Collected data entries
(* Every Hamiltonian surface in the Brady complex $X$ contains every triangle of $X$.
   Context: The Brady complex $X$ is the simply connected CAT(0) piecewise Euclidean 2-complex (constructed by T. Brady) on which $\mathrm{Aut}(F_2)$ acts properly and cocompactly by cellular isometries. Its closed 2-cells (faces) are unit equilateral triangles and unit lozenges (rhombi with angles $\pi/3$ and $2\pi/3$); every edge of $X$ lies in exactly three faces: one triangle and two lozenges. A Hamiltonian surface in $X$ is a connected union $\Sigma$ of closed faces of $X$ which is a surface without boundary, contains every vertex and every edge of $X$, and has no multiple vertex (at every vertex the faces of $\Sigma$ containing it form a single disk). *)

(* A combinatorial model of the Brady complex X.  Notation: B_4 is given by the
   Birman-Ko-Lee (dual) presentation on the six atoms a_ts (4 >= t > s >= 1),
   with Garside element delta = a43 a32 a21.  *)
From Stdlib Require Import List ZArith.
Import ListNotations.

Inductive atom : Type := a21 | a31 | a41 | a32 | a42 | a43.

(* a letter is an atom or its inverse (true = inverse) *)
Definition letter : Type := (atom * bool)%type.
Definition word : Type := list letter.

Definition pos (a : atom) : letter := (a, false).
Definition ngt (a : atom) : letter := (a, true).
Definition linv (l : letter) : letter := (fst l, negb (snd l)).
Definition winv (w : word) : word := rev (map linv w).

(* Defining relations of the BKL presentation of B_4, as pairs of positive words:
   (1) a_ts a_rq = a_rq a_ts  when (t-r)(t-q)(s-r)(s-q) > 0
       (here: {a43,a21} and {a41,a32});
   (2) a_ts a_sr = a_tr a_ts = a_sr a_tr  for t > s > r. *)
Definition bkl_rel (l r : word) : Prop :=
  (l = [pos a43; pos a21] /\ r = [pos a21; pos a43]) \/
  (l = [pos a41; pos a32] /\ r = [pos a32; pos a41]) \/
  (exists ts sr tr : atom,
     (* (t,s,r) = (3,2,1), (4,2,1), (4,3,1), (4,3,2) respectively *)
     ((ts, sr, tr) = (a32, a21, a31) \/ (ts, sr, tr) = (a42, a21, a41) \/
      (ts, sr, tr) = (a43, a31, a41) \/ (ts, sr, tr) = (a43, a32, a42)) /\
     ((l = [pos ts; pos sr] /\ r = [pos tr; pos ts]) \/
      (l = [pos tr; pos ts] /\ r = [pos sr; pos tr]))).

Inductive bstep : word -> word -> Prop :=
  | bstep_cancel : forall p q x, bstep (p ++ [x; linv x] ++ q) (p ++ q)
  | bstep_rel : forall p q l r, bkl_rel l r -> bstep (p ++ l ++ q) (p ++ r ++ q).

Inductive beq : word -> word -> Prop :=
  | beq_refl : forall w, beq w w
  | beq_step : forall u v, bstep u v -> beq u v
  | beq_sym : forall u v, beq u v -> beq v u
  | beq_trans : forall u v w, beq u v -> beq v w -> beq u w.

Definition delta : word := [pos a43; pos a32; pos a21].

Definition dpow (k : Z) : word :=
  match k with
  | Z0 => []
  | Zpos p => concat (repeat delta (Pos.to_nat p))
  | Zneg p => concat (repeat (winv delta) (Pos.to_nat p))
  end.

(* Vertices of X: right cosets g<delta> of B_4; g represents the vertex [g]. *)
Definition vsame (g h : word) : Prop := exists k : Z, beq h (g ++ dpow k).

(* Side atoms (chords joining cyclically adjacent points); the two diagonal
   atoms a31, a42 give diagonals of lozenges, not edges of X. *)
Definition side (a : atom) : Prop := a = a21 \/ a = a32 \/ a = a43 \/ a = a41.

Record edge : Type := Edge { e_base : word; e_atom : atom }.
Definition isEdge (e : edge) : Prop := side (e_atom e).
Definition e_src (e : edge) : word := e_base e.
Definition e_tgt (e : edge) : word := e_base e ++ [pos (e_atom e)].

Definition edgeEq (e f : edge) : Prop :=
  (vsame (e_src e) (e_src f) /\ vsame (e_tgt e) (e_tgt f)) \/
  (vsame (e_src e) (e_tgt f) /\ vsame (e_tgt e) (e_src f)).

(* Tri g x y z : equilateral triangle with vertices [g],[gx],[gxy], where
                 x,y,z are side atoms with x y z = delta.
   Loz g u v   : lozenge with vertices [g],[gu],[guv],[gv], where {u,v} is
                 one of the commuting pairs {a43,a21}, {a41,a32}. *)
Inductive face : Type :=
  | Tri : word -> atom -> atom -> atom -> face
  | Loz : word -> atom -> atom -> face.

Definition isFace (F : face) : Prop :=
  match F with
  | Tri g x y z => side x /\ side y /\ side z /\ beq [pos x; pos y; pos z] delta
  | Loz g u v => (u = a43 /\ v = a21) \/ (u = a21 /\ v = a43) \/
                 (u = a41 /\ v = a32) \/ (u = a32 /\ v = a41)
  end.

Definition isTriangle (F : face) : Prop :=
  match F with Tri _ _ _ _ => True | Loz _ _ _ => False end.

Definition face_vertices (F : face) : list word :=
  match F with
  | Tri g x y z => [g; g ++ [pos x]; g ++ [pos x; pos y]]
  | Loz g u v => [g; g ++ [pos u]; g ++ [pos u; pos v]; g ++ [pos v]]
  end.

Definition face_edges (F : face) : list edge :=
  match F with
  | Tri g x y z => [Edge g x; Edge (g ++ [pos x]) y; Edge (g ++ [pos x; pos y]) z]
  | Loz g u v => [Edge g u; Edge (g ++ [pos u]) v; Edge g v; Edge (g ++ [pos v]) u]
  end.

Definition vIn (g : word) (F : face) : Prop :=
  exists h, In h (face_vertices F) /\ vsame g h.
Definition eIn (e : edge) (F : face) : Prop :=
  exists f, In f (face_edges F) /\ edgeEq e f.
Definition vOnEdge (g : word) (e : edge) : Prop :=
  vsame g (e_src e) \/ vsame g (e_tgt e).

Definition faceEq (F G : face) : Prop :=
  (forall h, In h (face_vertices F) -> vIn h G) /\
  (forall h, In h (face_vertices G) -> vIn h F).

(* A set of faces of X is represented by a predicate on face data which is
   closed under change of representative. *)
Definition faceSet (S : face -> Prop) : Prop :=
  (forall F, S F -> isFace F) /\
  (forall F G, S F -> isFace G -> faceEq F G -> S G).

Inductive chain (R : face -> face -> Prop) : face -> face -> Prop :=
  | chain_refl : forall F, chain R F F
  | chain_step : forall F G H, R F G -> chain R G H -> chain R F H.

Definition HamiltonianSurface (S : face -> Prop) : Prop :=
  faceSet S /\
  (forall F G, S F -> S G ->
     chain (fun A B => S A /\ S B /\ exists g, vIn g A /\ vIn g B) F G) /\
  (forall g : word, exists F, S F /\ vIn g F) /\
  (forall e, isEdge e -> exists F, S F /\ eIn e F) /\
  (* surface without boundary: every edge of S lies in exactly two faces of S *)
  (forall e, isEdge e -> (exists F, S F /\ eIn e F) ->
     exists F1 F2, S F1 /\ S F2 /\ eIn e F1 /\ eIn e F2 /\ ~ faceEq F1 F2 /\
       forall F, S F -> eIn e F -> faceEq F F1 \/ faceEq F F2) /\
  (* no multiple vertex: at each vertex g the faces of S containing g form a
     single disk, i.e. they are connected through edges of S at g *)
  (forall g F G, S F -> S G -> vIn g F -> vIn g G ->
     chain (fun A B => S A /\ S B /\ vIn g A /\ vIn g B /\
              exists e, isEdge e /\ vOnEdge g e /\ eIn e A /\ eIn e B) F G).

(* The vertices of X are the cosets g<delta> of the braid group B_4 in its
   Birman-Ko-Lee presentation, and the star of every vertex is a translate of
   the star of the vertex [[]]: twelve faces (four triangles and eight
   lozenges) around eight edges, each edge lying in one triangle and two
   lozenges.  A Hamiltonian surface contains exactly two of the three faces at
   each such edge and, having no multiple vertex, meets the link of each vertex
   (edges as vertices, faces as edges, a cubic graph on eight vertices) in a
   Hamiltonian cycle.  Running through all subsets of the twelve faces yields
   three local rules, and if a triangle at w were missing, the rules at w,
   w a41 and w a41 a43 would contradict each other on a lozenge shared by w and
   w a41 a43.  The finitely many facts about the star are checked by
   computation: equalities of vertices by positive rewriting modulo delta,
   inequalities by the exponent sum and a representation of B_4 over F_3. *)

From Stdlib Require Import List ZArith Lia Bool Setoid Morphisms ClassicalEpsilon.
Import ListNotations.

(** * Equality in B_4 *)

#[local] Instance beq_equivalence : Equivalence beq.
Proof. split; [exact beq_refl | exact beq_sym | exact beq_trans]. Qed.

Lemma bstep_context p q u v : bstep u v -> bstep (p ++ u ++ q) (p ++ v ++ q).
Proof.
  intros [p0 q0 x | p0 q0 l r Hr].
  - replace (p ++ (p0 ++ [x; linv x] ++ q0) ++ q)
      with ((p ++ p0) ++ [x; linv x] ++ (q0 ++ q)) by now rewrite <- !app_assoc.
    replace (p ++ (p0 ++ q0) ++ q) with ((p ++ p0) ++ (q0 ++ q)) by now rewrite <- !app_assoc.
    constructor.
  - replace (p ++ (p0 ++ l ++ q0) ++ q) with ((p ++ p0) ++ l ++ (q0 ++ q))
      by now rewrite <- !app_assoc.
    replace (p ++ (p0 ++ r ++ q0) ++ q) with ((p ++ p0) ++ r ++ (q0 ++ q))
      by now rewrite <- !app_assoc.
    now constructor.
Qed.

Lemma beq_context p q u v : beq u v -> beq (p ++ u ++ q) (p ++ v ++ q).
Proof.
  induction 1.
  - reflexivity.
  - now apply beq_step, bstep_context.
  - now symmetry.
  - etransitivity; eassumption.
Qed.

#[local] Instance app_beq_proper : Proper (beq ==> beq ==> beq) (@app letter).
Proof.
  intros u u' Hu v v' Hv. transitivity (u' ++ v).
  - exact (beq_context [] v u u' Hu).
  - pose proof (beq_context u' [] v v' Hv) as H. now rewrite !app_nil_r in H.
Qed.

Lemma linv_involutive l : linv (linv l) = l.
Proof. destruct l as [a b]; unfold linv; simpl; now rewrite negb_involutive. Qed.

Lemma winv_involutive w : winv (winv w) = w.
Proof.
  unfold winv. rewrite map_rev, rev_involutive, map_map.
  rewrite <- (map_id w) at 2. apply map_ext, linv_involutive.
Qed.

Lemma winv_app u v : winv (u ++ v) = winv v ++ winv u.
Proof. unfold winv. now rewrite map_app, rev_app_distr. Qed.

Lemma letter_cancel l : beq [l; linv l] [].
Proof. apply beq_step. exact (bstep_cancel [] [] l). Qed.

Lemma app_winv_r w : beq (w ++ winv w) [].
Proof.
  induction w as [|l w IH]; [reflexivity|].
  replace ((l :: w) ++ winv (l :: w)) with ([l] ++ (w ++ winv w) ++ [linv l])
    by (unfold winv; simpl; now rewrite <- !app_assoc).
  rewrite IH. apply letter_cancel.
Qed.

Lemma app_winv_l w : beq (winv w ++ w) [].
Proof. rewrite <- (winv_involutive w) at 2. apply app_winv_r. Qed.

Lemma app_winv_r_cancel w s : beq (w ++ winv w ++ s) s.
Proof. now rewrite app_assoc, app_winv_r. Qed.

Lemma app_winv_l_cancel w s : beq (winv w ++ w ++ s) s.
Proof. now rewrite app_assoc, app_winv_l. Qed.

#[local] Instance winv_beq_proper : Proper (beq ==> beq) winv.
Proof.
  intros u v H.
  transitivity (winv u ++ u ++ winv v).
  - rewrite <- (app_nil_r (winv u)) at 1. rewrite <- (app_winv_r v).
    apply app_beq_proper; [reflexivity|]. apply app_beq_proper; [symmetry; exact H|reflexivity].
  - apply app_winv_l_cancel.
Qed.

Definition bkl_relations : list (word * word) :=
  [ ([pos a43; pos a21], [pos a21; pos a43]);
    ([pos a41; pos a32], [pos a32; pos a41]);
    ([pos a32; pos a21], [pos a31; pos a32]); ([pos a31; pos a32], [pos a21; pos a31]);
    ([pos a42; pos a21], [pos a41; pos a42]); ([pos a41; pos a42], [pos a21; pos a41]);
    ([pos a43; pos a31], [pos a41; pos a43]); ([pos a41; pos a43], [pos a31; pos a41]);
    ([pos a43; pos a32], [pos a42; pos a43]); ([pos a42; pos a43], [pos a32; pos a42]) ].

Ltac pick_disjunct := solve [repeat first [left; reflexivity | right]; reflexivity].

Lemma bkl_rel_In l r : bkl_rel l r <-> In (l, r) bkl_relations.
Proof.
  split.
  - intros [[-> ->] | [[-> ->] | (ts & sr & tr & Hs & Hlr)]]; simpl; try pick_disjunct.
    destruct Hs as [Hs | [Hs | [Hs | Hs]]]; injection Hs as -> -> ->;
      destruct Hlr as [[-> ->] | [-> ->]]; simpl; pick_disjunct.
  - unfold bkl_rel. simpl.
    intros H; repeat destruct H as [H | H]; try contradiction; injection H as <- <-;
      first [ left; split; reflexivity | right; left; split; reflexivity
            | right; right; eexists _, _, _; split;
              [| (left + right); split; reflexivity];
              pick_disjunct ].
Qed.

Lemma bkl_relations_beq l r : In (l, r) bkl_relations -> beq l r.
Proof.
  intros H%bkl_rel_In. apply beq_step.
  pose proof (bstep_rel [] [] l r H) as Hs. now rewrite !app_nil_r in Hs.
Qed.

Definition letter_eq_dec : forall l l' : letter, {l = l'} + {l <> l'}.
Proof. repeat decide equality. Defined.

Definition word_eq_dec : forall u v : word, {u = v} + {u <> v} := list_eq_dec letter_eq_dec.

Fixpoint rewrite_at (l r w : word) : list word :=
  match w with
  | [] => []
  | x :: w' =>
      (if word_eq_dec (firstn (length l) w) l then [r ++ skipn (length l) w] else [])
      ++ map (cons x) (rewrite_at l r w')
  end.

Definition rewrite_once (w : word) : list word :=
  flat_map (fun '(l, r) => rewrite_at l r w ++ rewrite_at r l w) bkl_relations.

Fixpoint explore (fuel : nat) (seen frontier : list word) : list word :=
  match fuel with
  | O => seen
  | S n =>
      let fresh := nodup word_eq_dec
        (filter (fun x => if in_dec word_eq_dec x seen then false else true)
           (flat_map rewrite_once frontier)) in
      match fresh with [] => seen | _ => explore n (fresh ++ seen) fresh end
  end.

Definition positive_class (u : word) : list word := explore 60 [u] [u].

_Task goal_:
Nothing but an exact copy of the lines from the first one above through the line holding "Birman-Ko-Lee (dual) presentation" should be returned.

_Solution to this task_:
(* Every Hamiltonian surface in the Brady complex $X$ contains every triangle of $X$.
   Context: The Brady complex $X$ is the simply connected CAT(0) piecewise Euclidean 2-complex (constructed by T. Brady) on which $\mathrm{Aut}(F_2)$ acts properly and cocompactly by cellular isometries. Its closed 2-cells (faces) are unit equilateral triangles and unit lozenges (rhombi with angles $\pi/3$ and $2\pi/3$); every edge of $X$ lies in exactly three faces: one triangle and two lozenges. A Hamiltonian surface in $X$ is a connected union $\Sigma$ of closed faces of $X$ which is a surface without boundary, contains every vertex and every edge of $X$, and has no multiple vertex (at every vertex the faces of $\Sigma$ containing it form a single disk). *)

(* A combinatorial model of the Brady complex X.  Notation: B_4 is given by the
   Birman-Ko-Lee (dual) presentation on the six atoms a_ts (4 >= t > s >= 1),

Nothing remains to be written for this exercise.